(Stored data)
* * * * * * *

(* Let $N\ge 0$ and let $\mu=(\mu_1,\dots,\mu_{N+1})$ be a partition with $N+1$ parts. Then, for all $z_1,\dots,z_{N+1}$ (with pairwise distinct values so that the defining quotients make sense, the identity then extending polynomially), $$G_\mu(z_1,\dots,z_N,z_{N+1};\beta)=\sum_{\lambda:\ \mu\succ\lambda} G_{\mu/\lambda}(z_{N+1};\beta)\,G_\lambda(z_1,\dots,z_N;\beta),$$ where the sum runs over all partitions $\lambda=(\lambda_1,\dots,\lambda_N)$ with $N$ parts interlacing with $\mu$. At $\beta=0$ this is the corresponding branching rule for Schur and skew Schur polynomials.
   Context: A ''partition with $N$ parts'' means a weakly decreasing sequence $\lambda=(\lambda_1,\dots,\lambda_N)$ of nonnegative integers (zeros allowed); $|\lambda|=\sum_j\lambda_j$. For such $\lambda$, variables $z_1,\dots,z_N$ and a parameter $\beta$, the Grothendieck polynomial is $$G_\lambda(z_1,\dots,z_N;\beta)=\frac{\det_{1\le j,k\le N}\big(z_j^{\lambda_k+N-k}(1+\beta z_j)^{k-1}\big)}{\prod_{1\le j<k\le N}(z_j-z_k)},$$ (a symmetric polynomial; for $N=0$ it equals $1$). For $\mu$ with $N+1$ parts and $\lambda$ with $N$ parts, write $\mu\succ\lambda$ (''interlace'') iff $\mu_j\ge\lambda_j\ge\mu_{j+1}$ for $j=1,\dots,N$. The single-variable skew Grothendieck polynomial is $$G_{\mu/\lambda}(z;\beta)=\begin{cases} z^{|\mu|-|\lambda|}\prod_{j=1}^N\big(1+\beta z-\beta z\,\delta_{\mu_{j+1},\lambda_j}\big) & \text{if } \mu\succ\lambda,\\ 0&\text{otherwise,}\end{cases}$$ with $\delta$ the Kronecker delta. *)

From HB Require Import structures.
From mathcomp Require Import all_boot all_order all_algebra.
Set Implicit Arguments. Unset Strict Implicit. Unset Printing Implicit Defensive.
Import Order.TTheory GRing.Theory Num.Theory.
Local Open Scope ring_scope.

(* A partition with n parts: weakly decreasing lam : 'I_n -> nat
   (index j : 'I_n stands for the paper's index j+1). *)
Definition is_partition (n : nat) (lam : 'I_n -> nat) : bool :=
  [forall i : 'I_n, forall j : 'I_n, (i <= j)%N ==> (lam j <= lam i)%N].

Definition psize (n : nat) (lam : 'I_n -> nat) : nat := (\sum_(j < n) lam j)%N.

(* Grothendieck polynomial G_lam(z_1..z_N; beta), as the quotient
   det( z_j^(lam_k + N - k) (1 + beta z_j)^(k-1) ) / prod_{j<k} (z_j - z_k),
   with 0-based indices j,k : 'I_N (paper's k = k0 + 1). *)
Definition groth (R : fieldType) (N : nat) (lam : 'I_N -> nat)
  (z : 'I_N -> R) (beta : R) : R :=
  \det (\matrix_(j < N, k < N)
          (z j ^+ (lam k + (N - k.+1)) * (1 + beta * z j) ^+ k))
  / \prod_(j < N) \prod_(k < N | (j < k)%N) (z j - z k).

Definition interlace (N : nat) (mu : 'I_N.+1 -> nat) (lam : 'I_N -> nat) : bool :=
  [forall j : 'I_N,
     (lam j <= mu (widen_ord (leqnSn N) j))%N && (mu (lift ord0 j) <= lam j)%N].

Definition skew_groth (R : fieldType) (N : nat) (mu : 'I_N.+1 -> nat)
  (lam : 'I_N -> nat) (x beta : R) : R :=
  if interlace mu lam then
    x ^+ (psize mu - psize lam) *
    \prod_(j < N) (1 + beta * x - beta * x * ((mu (lift ord0 j) == lam j) : nat)%:R)
  else 0.

From HB Require Import structures.
From mathcomp Require Import all_boot all_algebra perm.
From mathcomp Require Import ring zify.
Set Implicit Arguments. Unset Strict Implicit. Unset Printing Implicit Defensive.
Import GRing.Theory.
Local Open Scope ring_scope.

(* Write G_mu = D_mu / V with D_mu = det(z_j^(mu_k+N+1-k) (1+b z_j)^(k-1))
   and V the Vandermonde product; put x = z_(N+1) and y = 1 + b x.
   Right-multiplying the matrix of D_mu by a bidiagonal matrix U with
   det U = y^N performs the column operations
       C_k <- y C_k - x^(mu_k - mu_(k+1) + 1) C_(k+1)      (k <= N).
   The last row becomes (0, ..., 0, x^(mu_(N+1))), and in every other row j
   each new entry is (z_j - x) times a polynomial in z_j whose coefficients
   ("branching coefficients") are supported on mu_(k+1) <= l <= mu_k
   (lemma [branch_coef_telescope]).  Expanding along the last row and then
   multilinearly in the columns gives
       y^N D_mu = y^N x^(mu_(N+1)) prod_j (z_j - x) sum_l (prod_k c_k(l_k)) D_l.
   Cancelling y^N is done over F[b] (where y^N is a nonzero polynomial) and
   then specialising b.  Finally the product of branching coefficients
   multiplied by x^(mu_(N+1)) is exactly the skew polynomial G_{mu/l}(x), it
   vanishes unless l interlaces mu, and dividing by V gives the theorem. *)

Section BranchCoef.
Variable R : comNzRingType.

(* The coefficient of z^l in ((1+bx) z^(A+1) - x^(A-B+1) z^B (1+bz)) / (z-x):
   x^(A-l) (1+bx) for B < l <= A, x^(A-B) for l = B, and 0 otherwise. *)
Definition branch_coef (x b : R) (B A L : nat) (l : 'I_L) : R :=
  if (B <= l)%N && (l <= A)%N then
    x ^+ (A - l) * (if l == B :> nat then 1 else 1 + b * x)
  else 0.

Lemma branch_coef_telescope (x z b : R) (B L t : nat) : (B + t < L)%N ->
  (1 + b * x) * z ^+ (B + t).+1 - x ^+ t.+1 * z ^+ B * (1 + b * z) =
  (z - x) * \sum_(l < L) branch_coef x b B (B + t) l * z ^+ l.
Proof.
elim: t => [|t IH] ltBL.
  rewrite (bigD1 (Ordinal ltBL)) //= big1 => [|i neBi].
    rewrite /branch_coef /= addn0 leqnn eqxx subnn expr0 mul1r !exprS /= expr0.
    ring.
  rewrite /branch_coef addn0; case: ifP => [/andP[le1 le2]|]; last by rewrite mul0r.
  suff eqiB : i = Ordinal ltBL by rewrite eqiB eqxx in neBi.
  by apply/val_inj => /=; lia.
have ltBL' : (B + t < L)%N by lia.
set top := Ordinal ltBL.
have sum_step : \sum_(l < L) branch_coef x b B (B + t.+1) l * z ^+ l =
   x * \sum_(l < L) branch_coef x b B (B + t) l * z ^+ l
   + (1 + b * x) * z ^+ (B + t.+1).
  rewrite big_distrr /= (bigD1 top) //= [in RHS](bigD1 top) //=.
  rewrite /branch_coef /= leqnn leq_addr /=.
  rewrite (_ : (B + t.+1 <= B + t)%N = false); last by lia.
  rewrite (_ : (B + t.+1 == B) = false); last by lia.
  rewrite subnn expr0 mul1r mul0r mulr0 add0r addrC; congr (_ + _).
  apply: eq_bigr => i neitop.
  have {}neitop : (i : nat) <> B + t.+1.
    by move=> eqi; case/eqP: neitop; exact: val_inj.
  case: (leqP B i) => leBi /=; last by rewrite !mul0r mulr0.
  case: (leqP i (B + t)) => leit.
    rewrite (_ : (i <= B + t.+1)%N); last by lia.
    rewrite (_ : B + t.+1 - i = (B + t - i).+1)%N; last by lia.
    rewrite exprS; ring.
  by rewrite (_ : (i <= B + t.+1)%N = false) ?mul0r ?mulr0 //; lia.
rewrite sum_step (mulrDr (z - x)) mulrCA -(IH ltBL') addnS !exprS; ring.
Qed.

End BranchCoef.

Lemma branch_coef_map (R S : comNzRingType) (f : {rmorphism R -> S}) x b B A L
    (l : 'I_L) :
  f (branch_coef x b B A l) = branch_coef (f x) (f b) B A l.
Proof.
rewrite /branch_coef; case: ifP => _; last by rewrite rmorph0.
rewrite rmorphM rmorphXn; case: ifP => _; first by rewrite rmorph1.
by rewrite rmorphD rmorph1 rmorphM.
Qed.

* * * * * * *

The task
Find "multiplied by x^(mu_(N+1))" in the entries above and copy that whole line exactly, then each line after it through the line that contains "Definition branch_coef (x".

Finished task
   multiplied by x^(mu_(N+1)) is exactly the skew polynomial G_{mu/l}(x), it
   vanishes unless l interlaces mu, and dividing by V gives the theorem. *)

Section BranchCoef.
Variable R : comNzRingType.

(* The coefficient of z^l in ((1+bx) z^(A+1) - x^(A-B+1) z^B (1+bz)) / (z-x):
   x^(A-l) (1+bx) for B < l <= A, x^(A-B) for l = B, and 0 otherwise. *)
Definition branch_coef (x b : R) (B A L : nat) (l : 'I_L) : R :=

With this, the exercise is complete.